WHAT THE TASK REQUIRES :: Search the entries for the word "hnorm" and copy each line that has it.

Dataset entries ::
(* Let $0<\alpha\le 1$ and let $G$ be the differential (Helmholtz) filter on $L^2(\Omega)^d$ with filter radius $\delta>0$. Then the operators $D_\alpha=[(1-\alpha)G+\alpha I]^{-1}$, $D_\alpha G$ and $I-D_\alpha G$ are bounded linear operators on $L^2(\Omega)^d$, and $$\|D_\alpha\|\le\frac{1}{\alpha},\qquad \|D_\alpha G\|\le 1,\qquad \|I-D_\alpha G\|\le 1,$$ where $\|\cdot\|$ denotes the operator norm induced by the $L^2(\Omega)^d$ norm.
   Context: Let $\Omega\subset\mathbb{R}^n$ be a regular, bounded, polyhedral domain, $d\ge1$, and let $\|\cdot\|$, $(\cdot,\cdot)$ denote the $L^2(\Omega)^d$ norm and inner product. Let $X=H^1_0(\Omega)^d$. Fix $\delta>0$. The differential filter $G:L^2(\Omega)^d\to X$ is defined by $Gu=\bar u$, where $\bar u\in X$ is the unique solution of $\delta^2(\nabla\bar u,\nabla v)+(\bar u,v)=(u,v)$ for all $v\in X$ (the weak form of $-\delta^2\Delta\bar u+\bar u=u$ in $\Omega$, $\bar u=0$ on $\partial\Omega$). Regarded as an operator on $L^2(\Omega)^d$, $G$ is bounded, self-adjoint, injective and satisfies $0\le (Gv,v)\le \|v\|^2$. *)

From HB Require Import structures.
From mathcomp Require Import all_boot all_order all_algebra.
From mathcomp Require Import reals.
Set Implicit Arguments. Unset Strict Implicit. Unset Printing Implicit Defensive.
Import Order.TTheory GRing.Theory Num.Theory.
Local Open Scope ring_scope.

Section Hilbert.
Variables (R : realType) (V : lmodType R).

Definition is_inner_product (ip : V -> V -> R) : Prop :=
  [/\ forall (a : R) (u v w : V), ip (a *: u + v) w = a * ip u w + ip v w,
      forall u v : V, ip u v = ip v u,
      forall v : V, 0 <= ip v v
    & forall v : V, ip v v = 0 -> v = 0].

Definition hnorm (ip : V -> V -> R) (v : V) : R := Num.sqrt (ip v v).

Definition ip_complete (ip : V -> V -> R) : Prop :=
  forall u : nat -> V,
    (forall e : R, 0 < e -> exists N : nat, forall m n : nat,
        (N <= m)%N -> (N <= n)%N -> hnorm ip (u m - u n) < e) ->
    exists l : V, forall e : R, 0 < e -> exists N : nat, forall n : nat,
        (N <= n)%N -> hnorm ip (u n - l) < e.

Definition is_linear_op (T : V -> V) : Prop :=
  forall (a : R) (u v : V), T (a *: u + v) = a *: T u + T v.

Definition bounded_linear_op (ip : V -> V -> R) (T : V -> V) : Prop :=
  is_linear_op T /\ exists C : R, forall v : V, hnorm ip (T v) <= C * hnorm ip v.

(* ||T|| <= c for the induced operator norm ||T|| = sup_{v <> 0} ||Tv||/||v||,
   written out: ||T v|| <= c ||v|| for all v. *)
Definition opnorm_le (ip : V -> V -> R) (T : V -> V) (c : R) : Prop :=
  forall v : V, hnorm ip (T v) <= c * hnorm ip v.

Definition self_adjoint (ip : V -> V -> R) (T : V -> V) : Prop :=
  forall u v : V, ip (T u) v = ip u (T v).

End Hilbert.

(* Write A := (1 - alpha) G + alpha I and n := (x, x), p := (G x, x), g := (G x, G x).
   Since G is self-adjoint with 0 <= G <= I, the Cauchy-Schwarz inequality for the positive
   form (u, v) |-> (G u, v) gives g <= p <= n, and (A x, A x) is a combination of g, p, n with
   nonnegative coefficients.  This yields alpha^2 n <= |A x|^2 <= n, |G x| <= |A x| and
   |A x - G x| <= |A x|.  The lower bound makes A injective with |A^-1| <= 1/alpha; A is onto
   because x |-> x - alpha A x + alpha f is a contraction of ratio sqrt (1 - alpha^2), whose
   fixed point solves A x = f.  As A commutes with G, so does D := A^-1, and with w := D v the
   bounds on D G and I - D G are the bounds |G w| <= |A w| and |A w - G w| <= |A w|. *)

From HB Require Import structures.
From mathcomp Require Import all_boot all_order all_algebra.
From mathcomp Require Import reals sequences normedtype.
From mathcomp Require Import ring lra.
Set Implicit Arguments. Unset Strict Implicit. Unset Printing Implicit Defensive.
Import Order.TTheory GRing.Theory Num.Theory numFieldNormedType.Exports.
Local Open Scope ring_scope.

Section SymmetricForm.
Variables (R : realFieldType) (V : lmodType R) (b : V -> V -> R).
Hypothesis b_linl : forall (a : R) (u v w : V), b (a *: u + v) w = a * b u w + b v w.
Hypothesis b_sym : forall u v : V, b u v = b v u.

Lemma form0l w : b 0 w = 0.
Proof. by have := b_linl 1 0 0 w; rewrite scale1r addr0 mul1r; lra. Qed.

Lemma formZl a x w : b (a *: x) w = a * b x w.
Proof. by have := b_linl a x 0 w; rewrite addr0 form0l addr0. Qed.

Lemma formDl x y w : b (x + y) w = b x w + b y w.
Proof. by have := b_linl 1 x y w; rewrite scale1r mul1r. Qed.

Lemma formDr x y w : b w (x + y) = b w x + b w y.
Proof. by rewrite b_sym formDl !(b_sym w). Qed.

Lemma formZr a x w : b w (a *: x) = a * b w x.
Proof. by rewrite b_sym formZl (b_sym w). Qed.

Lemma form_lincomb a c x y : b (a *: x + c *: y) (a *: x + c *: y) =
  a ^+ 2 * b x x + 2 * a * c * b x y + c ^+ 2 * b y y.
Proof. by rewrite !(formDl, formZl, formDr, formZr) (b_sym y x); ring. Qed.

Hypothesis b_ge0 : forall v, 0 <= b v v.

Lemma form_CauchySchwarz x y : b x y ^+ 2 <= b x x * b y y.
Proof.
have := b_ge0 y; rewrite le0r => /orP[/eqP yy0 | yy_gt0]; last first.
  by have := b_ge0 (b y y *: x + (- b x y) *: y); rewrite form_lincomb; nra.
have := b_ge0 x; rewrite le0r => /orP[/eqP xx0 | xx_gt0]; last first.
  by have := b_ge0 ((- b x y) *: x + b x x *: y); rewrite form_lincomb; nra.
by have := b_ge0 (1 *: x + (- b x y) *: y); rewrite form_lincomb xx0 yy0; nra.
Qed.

--

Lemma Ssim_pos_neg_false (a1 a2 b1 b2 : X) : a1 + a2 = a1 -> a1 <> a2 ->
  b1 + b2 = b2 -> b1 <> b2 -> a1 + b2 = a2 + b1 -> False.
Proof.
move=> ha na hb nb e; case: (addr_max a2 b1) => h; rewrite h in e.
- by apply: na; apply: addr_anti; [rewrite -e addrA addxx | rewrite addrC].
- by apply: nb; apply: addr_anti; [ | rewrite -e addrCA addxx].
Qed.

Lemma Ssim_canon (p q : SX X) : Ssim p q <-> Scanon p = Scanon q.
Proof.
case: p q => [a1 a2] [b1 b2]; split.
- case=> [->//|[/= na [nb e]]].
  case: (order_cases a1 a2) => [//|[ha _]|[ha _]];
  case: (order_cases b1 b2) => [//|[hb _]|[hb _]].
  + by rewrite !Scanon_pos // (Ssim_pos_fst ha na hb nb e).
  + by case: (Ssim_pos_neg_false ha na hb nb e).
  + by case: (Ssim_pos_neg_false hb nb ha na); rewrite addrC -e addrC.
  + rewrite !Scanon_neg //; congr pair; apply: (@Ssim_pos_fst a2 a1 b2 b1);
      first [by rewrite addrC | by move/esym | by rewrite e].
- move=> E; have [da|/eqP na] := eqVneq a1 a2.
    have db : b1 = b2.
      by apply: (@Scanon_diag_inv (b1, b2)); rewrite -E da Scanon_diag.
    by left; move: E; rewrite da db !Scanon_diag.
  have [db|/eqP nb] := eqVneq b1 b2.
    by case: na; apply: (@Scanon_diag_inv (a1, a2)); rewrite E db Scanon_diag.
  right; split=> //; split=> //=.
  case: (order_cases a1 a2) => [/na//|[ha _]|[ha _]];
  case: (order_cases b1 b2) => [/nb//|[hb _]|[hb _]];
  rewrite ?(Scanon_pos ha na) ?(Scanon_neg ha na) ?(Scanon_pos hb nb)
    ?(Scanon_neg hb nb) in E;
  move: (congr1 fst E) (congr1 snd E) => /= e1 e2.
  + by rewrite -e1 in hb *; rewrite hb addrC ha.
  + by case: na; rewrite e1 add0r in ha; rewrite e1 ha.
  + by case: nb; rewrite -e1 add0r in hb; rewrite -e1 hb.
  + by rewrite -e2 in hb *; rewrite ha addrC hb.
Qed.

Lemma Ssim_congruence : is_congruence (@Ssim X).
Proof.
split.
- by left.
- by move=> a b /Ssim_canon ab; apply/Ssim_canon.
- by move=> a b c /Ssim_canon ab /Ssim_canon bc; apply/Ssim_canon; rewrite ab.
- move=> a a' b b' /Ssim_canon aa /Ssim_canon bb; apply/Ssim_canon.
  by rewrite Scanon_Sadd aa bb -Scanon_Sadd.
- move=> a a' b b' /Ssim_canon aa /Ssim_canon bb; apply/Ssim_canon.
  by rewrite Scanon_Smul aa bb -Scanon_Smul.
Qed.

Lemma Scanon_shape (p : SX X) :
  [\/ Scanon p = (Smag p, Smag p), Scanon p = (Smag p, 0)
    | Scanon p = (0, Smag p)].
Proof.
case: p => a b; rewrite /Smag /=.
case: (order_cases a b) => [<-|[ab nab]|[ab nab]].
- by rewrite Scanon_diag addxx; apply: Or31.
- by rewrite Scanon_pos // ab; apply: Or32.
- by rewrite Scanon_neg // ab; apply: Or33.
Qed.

RESPONSE FOR THIS EXERCISE ::
Definition hnorm (ip : V -> V -> R) (v : V) : R := Num.sqrt (ip v v).
        (N <= m)%N -> (N <= n)%N -> hnorm ip (u m - u n) < e) ->
        (N <= n)%N -> hnorm ip (u n - l) < e.
  is_linear_op T /\ exists C : R, forall v : V, hnorm ip (T v) <= C * hnorm ip v.
  forall v : V, hnorm ip (T v) <= c * hnorm ip v.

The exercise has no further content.